Read Semaphore source code

// A semaphore that allows the thread to continue execution only if the pool still has permission.
// first look at the constructor
//Default is unfair mode
public Semaphore(int permits) {
        sync = new NonfairSync(permits);
    }


NonfairSync(int permits) {
            super(permits);
        }

//set state
 Sync(int permits) {
            setState(permits);
        }
 public Semaphore(int permits, boolean fair) {
        sync = fair ? new FairSync(permits) : new NonfairSync(permits);
    }

// get a license
public void acquire() throws InterruptedException {
        sync.acquireSharedInterruptibly(1);
    }

public final void acquireSharedInterruptibly(int arg)
            throws InterruptedException {
        if (Thread.interrupted())
            throw new InterruptedException();
        if (tryAcquireShared(arg) < 0)
	    //The method in AQS is blocked without acquiring the lock
            doAcquireSharedInterruptibly (arg);
    }

 final int nonfairTryAcquireShared(int acquires) {
            for (;;) {
                int available = getState();
                int remaining = available - acquires;
		//If remaining<0, there is no permission.
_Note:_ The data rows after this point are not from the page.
Lemma measure_preimage_pred (mu : {measure set T -> \bar R}) (S : pred J) :
  mu [set w | S (h w)] = (\sum_(j | S j) mu (h @^-1` [set j]))%E.
Proof.
rewrite preimage_pred_bigcup measure_fin_bigcup; last 3 first.
- exact: finite_finset.
- exact: trivIset_preimage1.
- by move=> j _; exact: h_fibre.
rewrite fsbig_finite; last exact: finite_finset.
rewrite -big_enum; apply/perm_big/uniq_perm; [exact: finmap.fset_uniq|exact: enum_uniq|].
move=> j; rewrite mem_enum in_fset_set; last exact: finite_finset.
by apply/idP/idP; rewrite in_setE.
Qed.

End FiniteValued.

Section Bucket.
Variables (R : realType) (N : nat) (c : nat -> R).
Hypothesis c_mono : {homo c : a b / (a <= b)%N >-> a <= b}.

(* The least m < N with u <= c (m + 1), and N if there is none. *)
Definition bucket (u : R) : 'I_N.+1 := inord (find (fun k => u <= c k.+1) (iota 0 N)).

Lemma bucket_lt u k : (0 < k <= N)%N -> (bucket u < k)%N = (u <= c k).
Proof.
move=> /andP[k_gt0 kN]; rewrite /bucket inordK; last first.
  by rewrite ltnS (leq_trans (find_size _ _)) ?size_iota.
set p := fun k => u <= c k.+1.
apply/idP/idP => [lt_find|le_u].
  have has_k : has p (iota 0 N).
    by rewrite has_find size_iota (leq_trans lt_find).
  have := nth_find 0%N has_k; rewrite nth_iota ?add0n ?(leq_trans lt_find) //.
  by move/le_trans; apply; apply: c_mono.
rewrite ltnNge; apply/negP => ge_find.
have lt_k : (k.-1 < find p (iota 0 N))%N by rewrite prednK.
have := before_find 0%N lt_k; rewrite nth_iota ?add0n; last by rewrite prednK.
by rewrite /p prednK // le_u.
Qed.

Lemma measurable_bucket_lt k : measurable [set u | (bucket u < k)%N].
Proof.
have [->|k_gt0] := posnP k.
  by rewrite [X in measurable X](_ : _ = set0) //; apply/seteqP; split => u //=; rewrite ltn0.
have [kN|Nk] := leqP k N.
  rewrite [X in measurable X](_ : _ = [set` `]-oo, c k]]); first exact: measurable_itv.
  by apply/seteqP; split => u /=; rewrite in_itv /= bucket_lt ?k_gt0.
rewrite [X in measurable X](_ : _ = setT) //.
by apply/seteqP; split => u //= _; exact: leq_trans (ltn_ord _) Nk.
Qed.

Lemma measurable_bucket_eq (m : 'I_N.+1) : measurable [set u | bucket u = m].
Proof.
rewrite [X in measurable X](_ : _ = [set u | (bucket u < m.+1)%N] `\`
                                     [set u | (bucket u < m)%N]).
  by apply: measurableD; exact: measurable_bucket_lt.
apply/seteqP; split => u /=; first by move=> ->; rewrite ltnSn ltnn.
by move=> [le_m /negP]; rewrite -leqNgt => ge_m; apply/val_inj/eqP; rewrite eqn_leq -ltnS le_m.
Qed.

End Bucket.

Section SimesProbability.
Context d (T : measurableType d) (R : realType) (P : probability T R).
Context (N : nat) (U : 'I_N -> T -> R) (delta : R).
Hypotheses (N_gt0 : (0 < N)%N) (delta_gt0 : 0 < delta) (delta_le1 : delta <= 1).
Hypothesis U_meas : forall i, measurable_fun setT (U i).
Hypotheses (U_indep : mutually_independent_rv P U) (U_sup : forall i, super_uniform P (U i)).

Definition simes_threshold (k : nat) : R := k%:R * delta / N%:R.

Definition simes_cell w : {ffun 'I_N -> 'I_N.+1} :=
  [ffun i => bucket N simes_threshold (U i w)].

Definition bucket_prob i (m : 'I_N.+1) : R :=
  fine (P (U i @^-1` [set u | bucket N simes_threshold u = m])).

Lemma simes_threshold_homo : {homo simes_threshold : a b / (a <= b)%N >-> a <= b}.
Proof.
move=> a b ab; rewrite /simes_threshold ler_wpM2r ?invr_ge0 ?ler0n //.
by rewrite ler_wpM2r ?ler_nat // ltW.
Qed.

Lemma measurable_U_preimage i (Y : set R) : measurable Y -> measurable (U i @^-1` Y).
Proof. by move=> mY; rewrite -[_ @^-1` _]setTI; exact: U_meas. Qed.

Lemma measurable_U_bucket i (m : 'I_N.+1) :
  measurable (U i @^-1` [set u | bucket N simes_threshold u = m]).
Proof.
by apply: measurable_U_preimage; apply: measurable_bucket_eq; exact: simes_threshold_homo.
Qed.

Lemma simes_cell_fibreE f : simes_cell @^-1` [set f] =
  \bigcap_(i in [set i | i \in [set: 'I_N]%SET])
    U i @^-1` [set u | bucket N simes_threshold u = f i].
Proof.
apply/seteqP; split => w /=; first by move=> <- i _; rewrite ffunE.
by move=> wf; apply/ffunP => i; rewrite ffunE; apply: wf; rewrite /= inE.
Qed.

Lemma measurable_simes_cell_fibre f : measurable (simes_cell @^-1` [set f]).
Proof.
rewrite simes_cell_fibreE; apply: fin_bigcap_measurable; first exact: finite_finset.
by move=> i _; exact: measurable_U_bucket.
Qed.

Lemma bucket_probE i m :
  P (U i @^-1` [set u | bucket N simes_threshold u = m]) = (bucket_prob i m)%:E.
Proof. by rewrite fineK // fin_num_measure //; exact: measurable_U_bucket. Qed.

Lemma bucket_prob_ge0 i m : 0 <= bucket_prob i m.
Proof. exact: fine_ge0. Qed.

Lemma P_U_bucket_pred i (S : pred 'I_N.+1) :
  P [set w | S (bucket N simes_threshold (U i w))] = (\sum_(m | S m) bucket_prob i m)%:E.
Proof.
rewrite -sumEFin (measure_preimage_pred (fun m => measurable_U_bucket i m)).
by apply: eq_bigr => m _; exact: bucket_probE.
Qed.

Lemma sum_bucket_prob i : \sum_m bucket_prob i m = 1.
Proof.
apply/EFin_inj; rewrite -(P_U_bucket_pred i xpredT).
by rewrite [X in P X](_ : _ = setT) ?probability_setT //; apply/seteqP.
Qed.

Lemma bucket_prob_cdf i k : (0 < k <= N)%N ->
  \sum_(m : 'I_N.+1 | (m < k)%N) bucket_prob i m <= simes_threshold k.
Proof.
move=> kN; rewrite -lee_fin -P_U_bucket_pred.
rewrite [X in P X](_ : _ = [set w | U i w <= simes_threshold k]); last first.
  by apply/seteqP; split => w /=; rewrite bucket_lt //; exact: simes_threshold_homo.
apply: (U_sup i).1; rewrite /simes_threshold divr_ge0 ?mulr_ge0 ?ler0n ?(ltW delta_gt0) //=.
rewrite ler_pdivrMr ?ltr0n // mul1r.
apply: (@le_trans _ _ (k%:R * 1)); first by rewrite ler_wpM2l ?ler0n.
by rewrite mulr1 ler_nat; case/andP: kN.
Qed.

Lemma P_simes_cell_fibre f :
  P (simes_cell @^-1` [set f]) = (\prod_i bucket_prob i (f i))%:E.
Proof.
rewrite simes_cell_fibreE U_indep; last first.
  by move=> i _; exact: measurable_bucket_eq simes_threshold_homo _.
rewrite -prodEFin; apply: eq_big => [i|i _]; first by rewrite inE.
exact: bucket_probE.
Qed.

Lemma P_simes_rank_gt0 : (P [set w | (0 < simes_rank (simes_cell w))%N] <= delta%:E)%E.
Proof.
rewrite (measure_preimage_pred measurable_simes_cell_fibre _ (fun f => 0 < simes_rank f)%N).
rewrite (eq_bigr (fun f : {ffun 'I_N -> 'I_N.+1} => (\prod_i bucket_prob i (f i))%:E));
  last first.
  by move=> f _; exact: P_simes_cell_fibre.
rewrite sumEFin lee_fin; apply: discrete_simes; rewrite ?ltW //.
- exact: bucket_prob_ge0.
- exact: sum_bucket_prob.
- exact: bucket_prob_cdf.
Qed.

Lemma simes_threshold_divE k : simes_threshold k / delta = k%:R / N%:R.
Proof. by rewrite /simes_threshold mulrAC mulfK ?gt_eqF. Qed.

Lemma simes_threshold_gt0 k : (0 < k)%N -> 0 < simes_threshold k.
Proof. by move=> k_gt0; rewrite /simes_threshold !mulr_gt0 ?invr_gt0 ?ltr0n. Qed.

Lemma count_lt_simes_cell w k : (0 < k <= N)%N ->
  count_lt (simes_cell w) k = \sum_i ((U i w <= simes_threshold k)%R : nat).
Proof.
by move=> kN; apply: eq_bigr => i _; rewrite ffunE bucket_lt //; exact: simes_threshold_homo.
Qed.

Lemma simes_rank_violation w (k := simes_rank (simes_cell w)) : (0 < k)%N ->
  simes_threshold k / delta <= (\sum_i ((U i w <= simes_threshold k)%R%:R : R)) / N%:R.
Proof.
move=> k_gt0; rewrite simes_threshold_divE -natr_sum -count_lt_simes_cell; last first.
  by rewrite k_gt0 simes_rank_le.
by rewrite ler_wpM2r ?invr_ge0 ?ler0n // ler_nat simes_rank_count.
Qed.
Or have permission to directly CAS try to set the value of state
                if (remaining < 0 ||
                    compareAndSetState(available, remaining))
                    return remaining;
            }
        }

 private void doAcquireSharedInterruptibly(int arg)
        throws InterruptedException {
        final Node node = addWaiter (Node.SHARED);
        boolean failed = true;
        try {
            for (;;) {
                final Node p = node.predecessor();
                if (p == head) {
                    int r = tryAcquireShared(arg);
                    if (r >= 0) {
                        setHeadAndPropagate(node, r);
                        p.next = null; // help GC
                        failed = false;
                        return;
                    }
                }
                if (shouldParkAfterFailedAcquire(p, node) &&
                    parkAndCheckInterrupt ())
                    throw new InterruptedException();
            }
        } finally {
            if (failed)
                cancelAcquire(node);
        }
    }

// Get the specified number of licenses
public void acquire(int permits) throws InterruptedException {
        if (permits < 0) throw new IllegalArgumentException();
        sync.acquireSharedInterruptibly(permits);
    }

// release permission
 public void release() {
        sync.releaseShared(1);
    }

public final boolean releaseShared(int arg) {
        if (tryReleaseShared(arg)) {
            doReleaseShared();
            return true;
        }
        return false;
    }
 
 protected final boolean tryReleaseShared(int releases) {
            for (;;) {
                int current = getState();
                int next = current + releases;
                if (next < current) // overflow
                    throw new Error("Maximum permit count exceeded");
		//CAS sets the current number of licenses
                if (compareAndSetState(current, next))
                    return true;
            }
        }

// release the specified number of licenses
  public void release(int permits) {
        if (permits < 0) throw new IllegalArgumentException();
        sync.releaseShared(permits);
    }

// get permission
public void acquireUninterruptibly() {
        sync.acquireShared(1);
    }

//Do not block the direct access to the license, if the acquisition fails, return false directly
public boolean tryAcquire() {
        return sync.nonfairTryAcquireShared(1) >= 0;
    }
// try to acquire the lock within a certain period of time and return false
public boolean tryAcquire(long timeout, TimeUnit unit)
        throws InterruptedException {
        return sync.tryAcquireSharedNanos(1, unit.toNanos(timeout));
    }

//Return the number of available licenses for the secondary semaphore
 public int availablePermits() {
        return sync.getPermits();
    }

// Get all available licenses and clear the licenses
public int drainPermits() {
        return sync.drainPermits();
    }

final int drainPermits() {
            for (;;) {
                int current = getState();
                if (current == 0 || compareAndSetState(current, 0))
                    return current;
            }
        }

// Reduce the current amount of available licenses
 protected void reducePermits(int reduction) {
        if (reduction < 0) throw new IllegalArgumentException();
        sync.reducePermits(reduction);
    }


 final void reducePermits(int reductions) {
            for (;;) {
                int current = getState();
                int next = current - reductions;
                if (next > current) // underflow
                    throw new Error("Permit count underflow");
                if (compareAndSetState(current, next))
                    return;
            }
        }
// Is it fair mode
 public boolean isFair() {
        return sync instanceof FairSync;
    }

//Check if there are threads waiting to get
 public final boolean hasQueuedThreads() {
        return sync.hasQueuedThreads();
    }

  public final boolean hasQueuedThreads() {
        return head != tail;
    }

//Get the number of threads waiting for permission
public final int getQueueLength() {
        return sync.getQueueLength();
    }

public final int getQueueLength() {
        int n = 0;
        for (Node p = tail; p != null; p = p.prev) {
            if (p.thread != null)
                ++n;
        }
        return n;
    }

// Encapsulate possibly waiting threads into a collection
protected Collection<Thread> getQueuedThreads() {
        return sync.getQueuedThreads();
    }

public final Collection<Thread> getQueuedThreads() {
        ArrayList<Thread> list = new ArrayList<Thread>();
        for (Node p = tail; p != null; p = p.prev) {
            Thread t = p.thread;
            if (t != null)
                list.add(t);
        }
        return list;
    }